DIRECTIONS
Using the listing below, print exactly everything from the line with "Lemma eq_of_common_approx (l1" down to the line with "assert (Hd : 0", both included, and nothing more.
** Opening DATA EXTRACTS block **
(* Let ${\bf F}^*_0(z)=\sum_n {\bf f}^*_0(n)z^n$, where ${\bf f}^*_0(n)$ is the total weight of secondary structures over $[n]$ containing the arc $(1,n)$, and let ${\bf F}_0(z)=\sum_n {\bf f}_0(n)z^n$, where ${\bf f}_0(n)$ is the total weight of all secondary structures over $[n]$ (including the empty structure for $n=0$). Then $$ {\bf F}^*_0(z)=\frac{6}{16}e^{0.5}z^2\frac{z}{1-z}+\frac{6}{16}e^{1}z^2\left(\frac{1}{1-z}\right)^2{\bf F}^*_0(z)+\frac{6}{16}e^{-5}z^2\frac{\left({\bf F}^*_0(z)\frac{1}{1-z}\right)^2}{1-{\bf F}^*_0(z)\frac{1}{1-z}}\frac{1}{1-z}, $$ ${\bf F}^*_0(z)$ is the unique formal power series with zero constant term satisfying this equation, and $$ {\bf F}_0(z)=\frac{1}{1-z}\cdot\frac{1}{1-{\bf F}^*_0(z)\frac{1}{1-z}}. $$
   Context: A secondary structure over $[n]=\{1,\dots,n\}$ is a set of arcs $(i,j)$, $1\le i<j\le n$, each vertex in at most one arc, with no two arcs crossing (no $i<k<j<l$ with $(i,j),(k,l)$ both arcs) and no arc of the form $(i,i+1)$. For an arc $(i,j)$, the arcs directly nested in it are the arcs $(k,l)$ with $i<k<l<j$ not contained in any other arc $(k',l')$ with $i<k'<k<l<l'<j$. The loop closed by $(i,j)$ is a hairpin loop if $(i,j)$ has no directly nested arc, an interior loop (including stacks and bulges) if it has exactly one directly nested arc, and a multi-loop if it has at least two directly nested arcs. The weight of a secondary structure is $(6/16)^{\#\mathrm{arcs}}\cdot e^{0.5\,h}\cdot e^{1\cdot i}\cdot e^{-5\,m}$, where $h,i,m$ are the numbers of hairpin loops, interior loops and multi-loops, respectively, and $e$ is Euler's number. *)

From mathcomp Require Import all_boot all_order all_algebra.
From mathcomp Require Import reals sequences exp.
Set Implicit Arguments. Unset Strict Implicit. Unset Printing Implicit Defensive.
Import Order.TTheory GRing.Theory Num.Theory.
Local Open Scope ring_scope.

(* Vertex k of [n] = {1..n} is represented by the ordinal (k-1) : 'I_n.
   An arc (i,j) is a pair (a.1, a.2) of ordinals. *)
Definition arc n := ('I_n * 'I_n)%type.

Definition secondary n (S : {set arc n}) : bool :=
  [forall a in S, (a.1.+1 < a.2)%N] &&
  [forall a in S, forall b in S, (a != b) ==>
     [&& a.1 != b.1, a.1 != b.2, a.2 != b.1 & a.2 != b.2]] &&
  [forall a in S, forall b in S,
     ~~ [&& (a.1 < b.1)%N, (b.1 < a.2)%N & (a.2 < b.2)%N]].

Definition directly_nested n (S : {set arc n}) (a b : arc n) : bool :=
  [&& b \in S, (a.1 < b.1)%N, (b.1 < b.2)%N, (b.2 < a.2)%N &
   ~~ [exists c in S, [&& (a.1 < c.1)%N, (c.1 < b.1)%N, (b.2 < c.2)%N & (c.2 < a.2)%N]]].

Definition n_nested n (S : {set arc n}) (a : arc n) : nat :=
  #|[set b | directly_nested S a b]|.

Definition n_hairpin n (S : {set arc n}) : nat := #|[set a in S | n_nested S a == 0%N]|.
Definition n_interior n (S : {set arc n}) : nat := #|[set a in S | n_nested S a == 1%N]|.
Definition n_multi n (S : {set arc n}) : nat := #|[set a in S | (2 <= n_nested S a)%N]|.

Definition weight (R : realType) n (S : {set arc n}) : R :=
  (6 / 16) ^+ #|S| * expR (2^-1 * (n_hairpin S)%:R) * expR (1 * (n_interior S)%:R)
  * expR (-5 * (n_multi S)%:R).

Definition f0 (R : realType) (n : nat) : R :=
  \sum_(S : {set arc n} | secondary S) weight R S.
Lemma hoeffding_mixture (p s B E1 E0 : R) : 0 <= p <= 1 -> 0 <= B ->
  (p != 0 -> E1 <= expR ((1 - p) * s) * B) ->
  (p != 1 -> E0 <= expR (- (p * s)) * B) ->
  p * E1 + (1 - p) * E0 <= expR (8^-1 * s ^+ 2) * B.
Proof.
move=> p01 B_ge0 E1_le E0_le; have [p_ge0 p_le1] := andP p01.
apply: le_trans (_ : _ <= p * (expR ((1 - p) * s) * B) + (1 - p) * (expR (- (p * s)) * B)) _.
  apply: lerD.
    by have [->|/E1_le] := eqVneq p 0; [rewrite !mul0r | apply: ler_wpM2l].
  by have [->|/E0_le] := eqVneq p 1; [rewrite subrr !mul0r | apply: ler_wpM2l; rewrite subr_ge0].
by rewrite [p * (_ * B)]mulrA [(1 - p) * (_ * B)]mulrA -mulrDl ler_wpM2r //; apply: hoeffding_bernoulli.
Qed.

End Hoeffding.

(* Counting samples together with a marked drawn individual, positive or negative. *)
Lemma first_draw_positive (N M m k : nat) :
  (M * 'C(M.-1, k) * 'C(N - M.-1, m - k) =
   k.+1 * ('C(M, k.+1) * 'C(N.+1 - M, m.+1 - k.+1)))%N.
Proof.
rewrite mul_bin_diag -mulnA; case: M => [|M]; first by rewrite bin0n !mul0n.
by rewrite subSS.
Qed.

Lemma first_draw_negative (N M m k : nat) : (k <= m)%N ->
  ((N.+1 - M) * 'C(M, k) * 'C(N - M, m - k) =
   (m.+1 - k) * ('C(M, k) * 'C(N.+1 - M, m.+1 - k)))%N.
Proof.
move=> km; have -> : (N - M = (N.+1 - M).-1)%N by lia.
by rewrite mulnAC mul_bin_diag (subSn km) -mulnA (mulnC 'C(N.+1 - M, _)).
Qed.

Section Hypergeometric.
Context {R : realType}.

(* [hyper_pmf R N M n k] is junk for [k > n] (truncated [n - k]). *)
Definition hyper_expect (N M n : nat) (f : nat -> R) : R :=
  \sum_(0 <= k < n.+1) hyper_pmf R N M n k * f k.

Lemma hyper_pmf_ge0 (N M n k : nat) : 0 <= hyper_pmf R N M n k.
Proof. by rewrite /hyper_pmf divr_ge0. Qed.

Lemma hyper_pmf_eq0 (N M n k : nat) : (M < k)%N -> hyper_pmf R N M n k = 0.
Proof. by move=> Mk; rewrite /hyper_pmf bin_small ?mul0n ?mul0r. Qed.

Lemma sum_hyper_pmf (N M n : nat) : (M <= N)%N -> (n <= N)%N ->
  \sum_(k < n.+1) hyper_pmf R N M n k = 1.
Proof.
move=> MN nN; rewrite /hyper_pmf -mulr_suml -natr_sum binomial.Vandermonde subnKC //.
by rewrite divff // pnatr_eq0 -lt0n bin_gt0.
Qed.

Lemma hyper_expect_cst (N M n : nat) (a : R) : (M <= N)%N -> (n <= N)%N ->
  hyper_expect N M n (fun=> a) = a.
Proof. by move=> MN nN; rewrite /hyper_expect -mulr_suml big_mkord sum_hyper_pmf ?mul1r. Qed.
Lemma sqnorm_seg_weights i j s : sqnorm (seg_weights i j s) = seg_sqnorm i j s.
Proof. by rewrite /sqnorm !wsum_seg_weights. Qed.

Lemma wsum_on_pair p i j f : in_simplex p -> support p \subset [set i; j] ->
  wsum p f = p i * f i + (1 - p i) * f j.
Proof.
move=> [_ p1] /subsetP supp_ij.
have sum_on_pair (g : 'I_n -> R) : (forall m, p m = 0 -> g m = 0) ->
    \sum_m g m = \sum_(m in [set i; j]) g m.
  move=> g0; rewrite [RHS]big_mkcond; apply: eq_bigr => m _; case: ifP => // m_ij.
  by apply: g0; apply/eqP; apply: contraFT m_ij => pm; apply: supp_ij; rewrite inE.
move: p1; rewrite /wsum !sum_on_pair => [|m ->|m ->]; rewrite ?mul0r //.
have [<-|ij] := eqVneq i j; first by rewrite setUid !big_set1 => ->; rewrite subrr mul0r addr0.
by rewrite !big_setU1 ?inE //= !big_set1 => <-; congr (_ + _ * _); ring.
Qed.

Lemma subset_pair_of_card_le2 (T : finType) (A : {set T}) (t : T) :
  (#|A| <= 2)%N -> exists i j, A \subset [set i; j].
Proof.
move=> A_le2; have [->|[i iA]] := set_0Vmem A; first by exists t, t; rewrite sub0set.
have [Ai0|[j]] := set_0Vmem (A :\ i).
  exists i, i; apply/subsetP => m mA; rewrite setUid inE; apply/negPn/negP => mi.
  by have := in_set0 m; rewrite -Ai0 !inE mi mA.
rewrite !inE => /andP[ji jA]; exists i, j; apply/subsetP => m mA.
rewrite !inE; apply/negPn/negP; rewrite negb_or => /andP[mi mj].
suff : (2 < #|A|)%N by rewrite ltnNge A_le2.
by apply/card_gt2P; exists i, j, m; split; split; rewrite // eq_sym.
Qed.
(* For z > 0 the scaled remainder n^2 (e^{z/n} - 1 - z/n) is strictly
   decreasing in n > 0; its n-derivative is -n((z/n - 2) e^{z/n} + z/n + 2). *)
Lemma scaled_exp_remainder_decreasing (z n1 n2 : R) : 0 < z -> 0 < n1 -> n1 < n2 ->
  n2^2 * (exp (z/n2) - 1 - z/n2) < n1^2 * (exp (z/n1) - 1 - z/n1).
Proof.
intros Hz Hn1 Hn12.
destruct (MVT_cor2 (fun n => n^2 * (exp (z/n) - 1) - n * z)
   (fun c => 2 * c * (exp (z/c) - 1) - z * exp (z/c) - z) n1 n2 Hn12) as [c [Hmvt Hc]].
{ intros c Hc. apply is_derive_Reals. auto_derive; [lra |]. unfold Rdiv. field. lra. }
assert (Hpos : 0 < (z/c - 2) * exp (z/c) + z/c + 2).
{ apply exp_aux2_pos, Rdiv_lt_0_compat; lra. }
replace (2 * c * (exp (z/c) - 1) - z * exp (z/c) - z)
  with (- (c * ((z/c - 2) * exp (z/c) + z/c + 2))) in Hmvt by (field; lra).
assert (0 < c * ((z/c - 2) * exp (z/c) + z/c + 2) * (n2 - n1)).
{ apply Rmult_lt_0_compat; [apply Rmult_lt_0_compat |]; lra. }
replace (n1^2 * (exp (z/n1) - 1 - z/n1)) with (n1^2 * (exp (z/n1) - 1) - n1 * z)
  by (field; lra).
replace (n2^2 * (exp (z/n2) - 1 - z/n2)) with (n2^2 * (exp (z/n2) - 1) - n2 * z)
  by (field; lra).
lra.
Qed.

Lemma eq_of_common_approx (l1 l2 : R) :
  (forall eps, 0 < eps -> exists y, Rabs (y - l1) < eps /\ Rabs (y - l2) < eps) ->
  l1 = l2.
Proof.
intros Happrox.
destruct (Req_dec l1 l2) as [Heq | Hne]; [exact Heq | exfalso].
assert (Hd : 0 < Rabs (l1 - l2) / 2) by (apply Rdiv_lt_0_compat; [apply Rabs_pos_lt |]; lra).
destruct (Happrox _ Hd) as [y [H1 H2]].
assert (Rabs (l1 - l2) <= Rabs (y - l1) + Rabs (y - l2)).
{ replace (l1 - l2) with (- (y - l1) + (y - l2)) by ring.
  rewrite <- (Rabs_Ropp (y - l1)). apply Rabs_triang. }
lra.
Qed.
** Closing DATA EXTRACTS block **
ANSWER AREA
Lemma eq_of_common_approx (l1 l2 : R) :
  (forall eps, 0 < eps -> exists y, Rabs (y - l1) < eps /\ Rabs (y - l2) < eps) ->
  l1 = l2.
Proof.
intros Happrox.
destruct (Req_dec l1 l2) as [Heq | Hne]; [exact Heq | exfalso].
assert (Hd : 0 < Rabs (l1 - l2) / 2) by (apply Rdiv_lt_0_compat; [apply Rabs_pos_lt |]; lra).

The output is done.